Through a chance meeting at WBFPT with John Lund from Nanaimo who knew about the Citizens of the Sea, I was able to connect with Jeremy Hewett who was instrumental in bringing the movement into being. Jeremy sent me a ” Brief History “. Check the link periodically for updates with photos of the money, with anecdotes and, I hope, newspaper articles as well as other archival material.

My article “After the Book: More Tales and Treasures” appeared in New Zealand Memories Issue 62, October / November 2006. Unfortunately there wasn’t space for more than two photos—but I’ve added the rest to the link with the article. I’m still amazed at what has shown up since the publication of Dark Sun and I’m so grateful to those who contacted me with their unexpected contributions to the George Dibbern story.

I apologize for the size of some photos—but I didn’t see the point in posting pages from Eileen Morris’s Te Rapunga log unless they are big enough to read. Perhaps by the time you’ve finished reading the article, the photos will have loaded!

My library presentation at the Campbell River Public Library took place on 21 October during a new month-long celebration in October of the important role of libraries in our national life. Though the turnout was modest, the audience sat through almost an hour of slides and commentary without fidgeting or yawning—and stayed on for another half hour of questions! If ever there was an example of the valuable role of the library system, it was my years of research re George Dibbern.


David Williams (summer resident on Cortes Island) 22 August 2006

I dropped in with the DVD [about the Friends of the Nemaiah Valley ‘s attempts to save a herd of wild horses in BC] and to say how much I am enjoying Dark Sun. What a tremendous job you have done. I do feel I know George Dibbern and would have appreciated him. I am going to try to find a copy of Quest as I am still not absolutely clear on what he termed his philosophy, and maybe it wasn’t altogether consistent or even coherent, though the basics of individual human freedom and the goal to be a citizen of the world are in my view admirable if virtually impossible to achieve. It is frustrating to watch freedoms being whittled away as security diminishes, and yet how can it be otherwise with the sheer growth of human numbers and complexity of technology. Yes, I share many of George’s frustrations! Perhaps my greatest frustration is watching the environment going down under a relentless onslaught of excess. Suffice it to say, this book provides lots of food for thought. A man of his turbulent times, Dibbern was also ahead of ours perhaps.

Writing about Quest by George Dibbern, Henry Miller wrote in Circle No. 7, 1946:

This is the sort of book which truly stimulates, which inspires. The physical adventures, the physical hazards, which alone would make it an exciting book are nothing compared to the moral and spiritual struggles which he tells about. He is always truthful and revealing and the more he strips himself the more he finds himself in harmony with his fellow man.

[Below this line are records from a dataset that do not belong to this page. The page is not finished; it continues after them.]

Lemma count_mem_fibres (T : eqType) (V : Type) (g : V -> T) (S : seq T) (D : seq V) :
  uniq S -> count (fun u => g u \in S) D = \sum_(x <- S) count (fun u => g u == x) D.
Proof.
elim: S => [|x S IH] /=; first by rewrite big_nil; elim: D.
case/andP => xS uS; rewrite big_cons -IH // {IH}; elim: D => //= u D ->.
rewrite inE; case: eqP => [->|_] /=; last by rewrite addnCA.
by rewrite (negbTE xS) add0n addnA.
Qed.

Lemma light_preimage (v : seq bool -> seq bool) L K m :
  (forall s, size (v s) = L) -> K <= 2 ^ L ->
  exists S, [/\ uniq S, {subset S <= strings L}, size S = K &
    count (fun s => v s \in S) (strings m) * 2 ^ L <= K * 2 ^ m].
Proof.
move=> size_v le_K; rewrite -size_strings in le_K.
have [S [uS subS size_S light]] :=
  light_subset (fun x => count (fun s => v s == x) (strings m)) (uniq_strings L) le_K.
have total : \sum_(x <- strings L) count (fun s => v s == x) (strings m) = 2 ^ m.
  rewrite -count_mem_fibres ?uniq_strings // -(size_strings m) -count_predT.
  by apply: eq_count => s; rewrite mem_strings size_v eqxx.
by exists S; split => //; rewrite count_mem_fibres // -total -(size_strings L).
Qed.

Local Open Scope ring_scope.

Lemma extends_to_count_lb (q : rat) (C : nat -> bool) m N : wwkl_inst q C ->
  q * (2 ^ m)%:R <= (count (fun s => extends_to C s N) (strings m))%:R.
Proof.
move=> [_ measure_C]; have pos n : 0 < (2 ^ n)%:R :> rat by rewrite ltr0n expn_gt0.
have := measure_C (m + N)%N; rewrite ler_pdivlMr // => lb.
have ub : (level_count C (m + N))%:R <=
          (2 ^ N * count (fun s => extends_to C s N) (strings m))%:R :> rat.
  by rewrite ler_nat; apply: (count_cat_le (fun r => C (scode r))).
by have := le_trans lb ub; rewrite expnD !natrM mulrA [X in _ <= X]mulrC ler_pM2r.
Qed.

Lemma dyadic_between (p q : rat) : 0 <= p -> p < q ->
  exists L K : nat, p * (2 ^ L)%:R < K%:R /\ K%:R < q * (2 ^ L)%:R.
Proof.
move=> p_ge0 lt_pq; have gap : 0 < q - p by rewrite subr_gt0.
pose L := Num.bound (q - p)^-1.
have big_L : 1 < (2 ^ L)%:R * (q - p).
  have le_L : L%:R <= (2 ^ L)%:R :> rat by rewrite ler_nat ltnW // ltn_expl.
  rewrite -ltr_pdivrMr // div1r; apply: lt_le_trans le_L.
  by apply: archi_boundP; rewrite invr_ge0 ltW.
exists L, (Num.truncn (p * (2 ^ L)%:R)).+1; split; first exact: truncnS_gt.
have le_t : (Num.truncn (p * (2 ^ L)%:R))%:R <= p * (2 ^ L)%:R.
  by rewrite truncn_le mulr_ge0 ?ler0n.
rewrite -natr1; apply: le_lt_trans (lerD le_t (lexx 1)) _.
by rewrite addrC -ltrBrDr -mulrBl mulrC.
Qed.

Local Close Scope ring_scope.

Definition cut_tree (h L : nat) (S : seq (seq bool)) : nat -> bool := fun k =>
  if excluded_middle_informative
       (exists r, scode r = k /\ h < size r /\ take L r \notin S)
  then false else true.

Section CutTree.
Variables (h L : nat) (S : seq (seq bool)).

Lemma cut_tree_code r :
  cut_tree h L S (scode r) = ~~ ((h < size r) && (take L r \notin S)).
Proof.
rewrite /cut_tree; destruct excluded_middle_informative as [[r' [eq_r [hr rS]]]|no] => /=.
  by move/scode_inj: eq_r => <-; rewrite hr rS.
by apply/esym/negP => /andP[hr rS]; apply: no; exists r.
Qed.

(* Codes are at least as large as lengths, so the cut tree contains all codes <= h. *)
Lemma cut_tree_small k : k <= h -> cut_tree h L S k = true.
Proof.
move=> le_kh; rewrite /cut_tree.
destruct excluded_middle_informative as [[r [eq_r [hr rS]]]|] => //=.
by have := size_scode r; rewrite eq_r; lia.
Qed.

Hypothesis le_Lh : L <= h.

Lemma cut_tree_is_tree : is_tree (cut_tree h L S).
Proof.
move=> s t; rewrite !cut_tree_code size_cat; apply: contra => /andP[hs sS].
by rewrite takel_cat ?sS ?andbT; lia.
Qed.

Hypotheses (uS : uniq S) (subS : {subset S <= strings L}).

Lemma cut_tree_level n :
  level_count (cut_tree h L S) n = if n <= h then 2 ^ n else size S * 2 ^ (n - L).
Proof.
rewrite /level_count; case: leqP => le_nh.
- rewrite -size_strings -count_predT; apply: eq_in_count => r.
  by rewrite mem_strings cut_tree_code => /eqP ->; rewrite ltnNge le_nh.
- have countS : count (mem S) (strings L) = size S.
    rewrite -size_filter; apply/perm_size/uniq_perm; rewrite ?filter_uniq ?uniq_strings //.
    by move=> x; rewrite mem_filter; apply/andP/idP => [[]//|xS]; split => //; apply: subS.
  rewrite -countS -count_take; last by lia.
  apply: eq_in_count => r; rewrite mem_strings cut_tree_code => /eqP ->.
  by rewrite le_nh /= negbK.
Qed.

Lemma cut_tree_inst (p : rat) : (p <= 1)%R -> (p * (2 ^ L)%:R <= (size S)%:R)%R ->
  wwkl_inst p (cut_tree h L S).
Proof.
move=> p_le1 pS; have pos n : (0 < (2 ^ n)%:R :> rat)%R by rewrite ltr0n expn_gt0.
split=> [|n]; first exact: cut_tree_is_tree.
rewrite cut_tree_level; case: leqP => [_|lt_hn]; first by rewrite divff // gt_eqF.
rewrite ler_pdivlMr // -(subnKC (_ : L <= n)) ?expnD ?natrM; last by lia.
by rewrite subnKC 1?mulrA ?ler_pM2r //; lia.
Qed.
End CutTree.

Definition full_tree : nat -> bool := fun _ => true.

Lemma full_tree_inst (p : rat) : (p <= 1)%R -> wwkl_inst p full_tree.
Proof.
move=> p_le1; split=> // n; rewrite /level_count count_predT size_strings divff //.
by rewrite pnatr_eq0 -lt0n expn_gt0.
Qed.

(* Psi decides the first L output bits from the oracle A ⊕ s, where s is a finite part
   of the second oracle: every oracle agreeing with A ⊕ s wherever s is defined makes
   Psi output the bits of w below L. *)
Definition decides (Psi : pcode) (A : nat -> bool) (L : nat) (s w : seq bool) : Prop :=
  forall Y, agree Y (join A (nth false s)) (2 * size s) ->
    forall i, i < L -> peval Y Psi [:: i] (nth false w i).

Lemma decides_cat Psi A L s t w : decides Psi A L s w -> decides Psi A L (s ++ t) w.
Proof.
move=> dec Y HY; apply: dec; apply: agree_trans (agree_mono _ HY) _.
  by rewrite size_cat; lia.
by apply: join_agree => // k lt_k; rewrite nth_cat lt_k.
Qed.

Lemma decision_level (Psi : pcode) (A B : nat -> bool) L :
  is_tree B -> (forall T, wwkl_sol B T -> exists X, computes Psi (join A T) X) ->
  exists m, forall s, size s = m -> extendible (in_tree B) s ->
    exists w, size w = L /\ decides Psi A L s w.
Proof.
move=> treeB HPsi; apply: NNPP => no_level.
pose bad s := extendible (in_tree B) s /\ ~ exists w, size w = L /\ decides Psi A L s w.
have bad_closed : prefix_closed bad.
  move=> s t [ext undec]; split.
    exact: extendible_prefix_closed (in_tree_prefix_closed treeB) _ _ ext.
  by move=> [w [size_w dec]]; apply: undec; exists w; split => //; apply: decides_cat.
have bad_ext : extendible bad [::].
  move=> n; apply: NNPP => no_bad; apply: no_level; exists n => s size_s ext.
  by apply: NNPP => undec; apply: no_bad; exists s.
have [T [badT _]] := konig bad_closed bad_ext.
have [X HX] := HPsi T (fun n => extendible_self (badT n).1).
have [U HU] := computes_use L HX.
case: (badT U) => _; apply; exists (mkseq X L); split => [|Y]; first exact: size_mkseq.
rewrite size_mkseq => HY i lt_iL; rewrite nth_mkseq //; apply: HU => //.
apply: agree_mono (agree_trans HY (join_agree _ _)) => // [|k lt_k]; first by lia.
by rewrite nth_mkseq.
Qed.

Lemma cut_path_prefix (Psi : pcode) (B : nat -> bool) h L S s w :
  L <= h -> size s <= h -> size w = L -> is_tree B ->
  (forall T, wwkl_sol B T ->
     exists X, computes Psi (join (cut_tree h L S) T) X /\ wwkl_sol (cut_tree h L S) X) ->
  extendible (in_tree B) s -> decides Psi full_tree L s w -> w \in S.
Proof.
move=> le_Lh le_sh size_w treeB HPsi ext dec.
have [T [pathT Ts]] := konig (in_tree_prefix_closed treeB) ext.
have [X [HX solX]] := HPsi T pathT.
have agree_s : agree (join (cut_tree h L S) T) (join full_tree (nth false s)) (2 * size s).
  by apply: join_agree => k lt_k; [rewrite cut_tree_small //; lia | rewrite Ts].
have Xw : mkseq X L = w.
  apply: (@eq_from_nth _ false); rewrite size_mkseq ?size_w // => i lt_iL.
  rewrite nth_mkseq //.
  by move: (HX i) (dec _ agree_s i lt_iL) => /peval_det det /det /nat_of_bool_inj.
have := solX h.+1; rewrite cut_tree_code size_mkseq ltnSn take_mkseq ?Xw ?negbK //.
exact: leqW.
Qed.

Local Open Scope ring_scope.

Section Reduction.
Variables (p q : rat) (Phi Psi : pcode).
Hypothesis p_le1 : p <= 1.
Hypothesis red : forall A, wwkl_inst p A ->
  exists B, computes Phi (oracle A) B /\ wwkl_inst q B /\
    forall T, wwkl_sol B T -> exists X, computes Psi (join A T) X /\ wwkl_sol A X.

Lemma full_tree_decisions L : exists B0 m (v : seq bool -> seq bool),
  [/\ computes Phi (oracle full_tree) B0, is_tree B0, forall s, size (v s) = L &
      forall s, size s = m -> extendible (in_tree B0) s -> decides Psi full_tree L s (v s)].
Proof.
have [B0 [HB0 [[treeB0 _] HPsi]]] := red (full_tree_inst p_le1).
have [m decide] : exists m, forall s, size s = m -> extendible (in_tree B0) s ->
    exists w, size w = L /\ decides Psi full_tree L s w.
  by apply: decision_level treeB0 _ => T /HPsi [X [HX _]]; exists X.
pose decided s w := size w = L /\
  (size s = m -> extendible (in_tree B0) s -> decides Psi full_tree L s w).
have [v Hv] : exists v : seq bool -> seq bool, forall s, decided s (v s).
  apply: (@choice _ _ decided) => s.
  case: (classic (size s = m /\ extendible (in_tree B0) s)) => [[sm ext]|not_s].
    by have [w [size_w dec]] := decide s sm ext; exists w.
  by exists (nseq L false); split => [|sm ext]; [rewrite size_nseq | case: not_s].
by exists B0, m, v; split => // s; case: (Hv s).
Qed.

Lemma cut_tree_image_bound L m (B0 : nat -> bool) (v : seq bool -> seq bool)
    (S : seq (seq bool)) :
  computes Phi (oracle full_tree) B0 -> is_tree B0 -> (forall s, size (v s) = L) ->
  (forall s, size s = m -> extendible (in_tree B0) s -> decides Psi full_tree L s (v s)) ->
  uniq S -> {subset S <= strings L} -> p * (2 ^ L)%:R <= (size S)%:R ->
  q * (2 ^ m)%:R <= (count (fun s => v s \in S) (strings m))%:R.
Proof.
move=> HB0 treeB0 size_v dec_v uS subS pS.
have [N stable0] := extends_to_stable (strings m) treeB0.
have [U HU] := computes_continuous (2 ^ (m + N).+1) HB0.
pose h := maxn (maxn L m) U.
have [le_Lh le_mh le_Uh] : [/\ (L <= h)%N, (m <= h)%N & (U <= h)%N] by split; lia.
have [B [HB [instB HPsi]]] := red (cut_tree_inst le_Lh uS subS p_le1 pS).
have B_B0 k : (k < 2 ^ (m + N).+1)%N -> B k = B0 k.
  by apply: HU HB _ k => j lt_j; rewrite /oracle cut_tree_small //; lia.
have [N' stable] := extends_to_stable (strings m) instB.1.
apply: le_trans (extends_to_count_lb m N' instB) _; rewrite ler_nat.
apply: sub_in_count => s; rewrite mem_strings => /eqP size_s deep.
have ext : extendible (in_tree B) s by apply: stable; rewrite ?mem_strings ?size_s.
have ext0 : extendible (in_tree B0) s.
  apply: stable0; first by rewrite mem_strings size_s.
  by rewrite -(extends_to_agree (T := B)) ?extendible_extends_to // size_s.
apply: cut_path_prefix le_Lh _ (size_v s) instB.1 HPsi ext (dec_v s size_s ext0).
by rewrite size_s.
Qed.
End Reduction.

Theorem proposition4p6 (p q : rat) :
  0 < p -> p < q -> q < 1 ->
  ~ weihrauch_le (wwkl_inst p) wwkl_sol (wwkl_inst q) wwkl_sol.
Proof.
move=> p_gt0 lt_pq q_lt1 [Phi [Psi red]].
have p_le1 : p <= 1 by apply/ltW/(lt_trans lt_pq).
have [L [K [pK Kq]]] := dyadic_between (ltW p_gt0) lt_pq.
have pos n : 0 < (2 ^ n)%:R :> rat by rewrite ltr0n expn_gt0.
have le_K : (K <= 2 ^ L)%N.
  rewrite -(ler_nat rat); apply/ltW/(lt_le_trans Kq).
  by rewrite ler_piMl ?ltW.
have [B0 [m [v [HB0 treeB0 size_v dec_v]]]] := full_tree_decisions p_le1 red L.
have [S [uS subS size_S light]] := light_preimage m size_v le_K.
have := cut_tree_image_bound p_le1 red HB0 treeB0 size_v dec_v uS subS.
rewrite size_S => /(_ (ltW pK)); set c := count _ _ => qc.
(* q·2^m <= c and c·2^L <= K·2^m < q·2^L·2^m are incompatible. *)
have : (c * 2 ^ L)%:R < q * (2 ^ L)%:R * (2 ^ m)%:R.
  by apply: le_lt_trans (_ : (K * 2 ^ m)%:R < _); rewrite ?ler_nat // natrM ltr_pM2r.
by rewrite natrM mulrAC ltr_pM2r // ltNge qc.
Qed.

I’m in the process of committing the entire book to digital form in anticipation of a long-awaited reprint of the book that started it all. Expect more news next time.

I know it’s a bit early to extend holiday greetings, but I’ll not be sending out another newsletter till 2007, so I sincerely wish everyone a joyous Christmas and all the very best for a happy, healthy and satisfying new year.

Erika G.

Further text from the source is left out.